Well Its all a DIY stuff I am an electronics hobbiest for long and its a simple task. See the fans are all ballbearing ones bought from SP road (local Bangalore HW market) and the box is the cheap mercury one which i bought without SMPS. Next the big side fan is so fitted so that it blowes air on to the SCSI HDDs this is a requirement as scsi HDD get very hot > 60 C. So for the fan fittment itried to drill holes first but the holes / perforations didi not work very well and thus had to make a circular cutting in the box (costed me Rs 10/- ) the filter is a Plastic mesh having a thin piece of cotton cloth and thus i can say i have a washable filter. The setup is supplied with external 24V supply and the controll unit is a adjustable voltage regulator (LM 317T) and a voltage comparator for the visual effect The variable pot in front allowes for controlling the fan speed Thus the speed of the fans can be varied based on what the system is doing. One thing that the shot did not show is the north bridge cooler. A fan is connected on top of the north bridge cooling it. 
So its no kit just a setup made from localy available parts and some free time that i had. It does a good job keeps the system relativly cool.
But I still need help to get a good CPu cooler as the cpu Temp reach 85 C when gentoo compiles a new big package "enoonmai" has promised help in getting a good volcano cooler so lets wait and see.


----------



## grinning_devil (Apr 10, 2005)

@...pradeep_chauhan.....wow. .. man ,,, thats serious "jugaad"..!!!

well keep it up...


----------



## BONZI (Apr 10, 2005)

oh well I'm not a  electronics hobbiest. Anyway I will try to do it in my own way.The problem for me is the cabinet has a plastic front so I cant make a hole in it.  Is it sensible to go for a fan in the side of cabinet?


----------



## krishnathelord (Apr 11, 2005)

pradeep_chauhan said:
			
		

> BONZI said:
> 
> 
> 
> ...



man that is a mind bogling stuff;    , i would definetely like to meet u when i would be in bangalore next month,


----------



## premrajeev (Apr 13, 2005)

well this picture was quiet a useful one,despite the cleanliness...well done..


----------



## pradeep_chauhan (Apr 14, 2005)

thanks guys for the kind words.


----------



## crashuniverse (Aug 25, 2005)

hey guys. fully readymade solutions to my problem. i came right here by a link in QnA to my prob , link given by this thread starter.

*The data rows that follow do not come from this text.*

(* Write e = x - y for the current error and P for the orthogonal projection onto
   span(a_r, a_s).  One step replaces e by (e - P e) - P w, so by Pythagoras
   |x - y'|^2 = |e|^2 - |P e|^2 + |P w|^2  ([tsk_step_error]).
   - Noiseless part: a scalar inequality per pair ([pair_energy_lower], using that
     D lower-bounds the coherence gain t^2(1-t)/(1+t) on [delta, Delta],
     [coherence_gain_interval]) and the lower frame bound
     sum_i <a_i,z>^2 >= |z|^2 / ||A^{-1}||^2 ([frame_bound]) give, averaged over
     the m^2 - m pairs, E|e - P e|^2 <= eta |e|^2  ([mean_proj_energy]).
   - Noise part: |P w| <= 3 |w|_oo / sqrt(1 - Delta^2)  ([pair_energy_noise]).
   Taking square roots (sqrt is subadditive and concave, [lsum_sqrt_le]) gives
   E|x - y'| <= sqrt eta |x - y| + 3 |w|_oo / sqrt(1-Delta^2)  ([one_step_mean_error]);
   iterating over independent steps ([expected_error_iter]) and summing the
   geometric series ([geometric_sum_le]) yields the theorem. *)

Lemma rsum_ext n f g : (forall j, (j < n)%nat -> f j = g j) -> rsum n f = rsum n g.
Proof.
  induction n as [|n IH]; intros H; simpl; [reflexivity|].
  rewrite (IH (fun j Hj => H j ltac:(lia))), (H n ltac:(lia)). reflexivity.
Qed.

Lemma rsum_le n f g : (forall j, (j < n)%nat -> f j <= g j) -> rsum n f <= rsum n g.
Proof.
  induction n as [|n IH]; intros H; simpl; [lra|].
  specialize (IH (fun j Hj => H j ltac:(lia))). specialize (H n ltac:(lia)). lra.
Qed.

Lemma rsum_plus n f g : rsum n (fun j => f j + g j) = rsum n f + rsum n g.
Proof. induction n; simpl; [ring | rewrite IHn; ring]. Qed.

Lemma rsum_minus n f g : rsum n (fun j => f j - g j) = rsum n f - rsum n g.
Proof. induction n; simpl; [ring | rewrite IHn; ring]. Qed.

Lemma rsum_scal n c f : rsum n (fun j => c * f j) = c * rsum n f.
Proof. induction n; simpl; [ring | rewrite IHn; ring]. Qed.

Lemma rsum_const n c : rsum n (fun _ => c) = INR n * c.
Proof. induction n; simpl rsum; [simpl; ring | rewrite IHn, S_INR; ring]. Qed.

Lemma rsum_swap m k F :
  rsum m (fun r => rsum k (fun s => F r s)) = rsum k (fun s => rsum m (fun r => F r s)).
Proof.
  induction m; simpl.
  - induction k; simpl; [ring | rewrite <- IHk; ring].
  - rewrite IHm, rsum_plus. reflexivity.
Qed.

(* The fold used by [expect_pairs]: an expectation over one step unfolds to an
   [lsum] over [pairs m] divided by m^2 - m. *)
Definition lsum {T} (l : list T) (F : T -> R) : R := fold_right (fun p acc => F p + acc) 0 l.

Lemma lsum_le {T} (l : list T) F G :
  (forall p, In p l -> F p <= G p) -> lsum l F <= lsum l G.
Proof.
  induction l as [|a l IH]; intros H; simpl; [lra|].
  assert (H1 := H a (or_introl eq_refl)).
  assert (H2 : lsum l F <= lsum l G) by (apply IH; intros; apply H; right; auto).
  unfold lsum in *; lra.
Qed.

Lemma lsum_plus {T} (l : list T) F G : lsum l (fun p => F p + G p) = lsum l F + lsum l G.
Proof. induction l; unfold lsum in *; simpl; [ring | rewrite IHl; ring]. Qed.

Lemma lsum_minus {T} (l : list T) F G : lsum l (fun p => F p - G p) = lsum l F - lsum l G.
Proof. induction l; unfold lsum in *; simpl; [ring | rewrite IHl; ring]. Qed.

Lemma lsum_scal {T} (l : list T) c F : lsum l (fun p => c * F p) = c * lsum l F.
Proof. induction l; unfold lsum in *; simpl; [ring | rewrite IHl; ring]. Qed.

Lemma lsum_const {T} (l : list T) c : lsum l (fun _ => c) = c * lsum l (fun _ => 1).
Proof. induction l; unfold lsum in *; simpl; [ring | rewrite IHl; ring]. Qed.

Lemma lsum_zero {T} (l : list T) : lsum l (fun _ => 0) = 0.
Proof. induction l; unfold lsum in *; simpl; lra. Qed.

Lemma lsum_term_le {T} (l : list T) t p : (forall p, In p l -> 0 <= t p) -> In p l ->
  t p <= lsum l t.
Proof.
  induction l as [|a l IH]; intros Ht Hp; [destruct Hp|].
  assert (Hl : 0 <= lsum l t).
  { rewrite <- (lsum_zero l). apply lsum_le. intros; apply Ht; right; auto. }
  assert (Ha : 0 <= t a) by (apply Ht; left; auto).
  unfold lsum in *; simpl. destruct Hp as [<-|Hp]; [lra|].
  assert (t p <= fold_right (fun p acc => t p + acc) 0 l) by (apply IH; auto; intros; apply Ht; right; auto).
  lra.
Qed.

well my comp gets peob only when it runs for more than 24 hrs. a P4, 2.8 HT machine. now i c its a heat problem, and i decide to put up an extra fan. i have no probs installing it (have done before ina friends machine) but really cosnfused where do i put it, at the back or in the side (side one really creates a problem when opening the cabinet)

And yes, does keeping my cabinet open for all da time would help or not?


----------



## siriusb (Aug 25, 2005)

> And yes, does keeping my cabinet open for all da time would help or not?


It depends. If u have a good fan arrangement in ur cabinet, then keeping teh cabinet panel open will actually  result in a increase in temp. Otherwise, keeping the cabinet open will work better. The easy way to know, is to actually try it out for urself but here's a pointer: My old cabinet with only one cabinet fan was cooler when I didn't put the side panel on. But my new cabinet with 3 cabinet fans is actually a lot cooler with the panel on.

@pradeep
Although adding a cloth filter will decrease dust inside ur system, it also drastically reduces the CFM of the fan and hence it's effectiveness in keeping the temperature down. So ultimately u will need larger fans with more cfm to push more air. I prefer to keep the vent holes covered in my cabinet with a grill for protection and then clean the insides regularly to take care of the dust.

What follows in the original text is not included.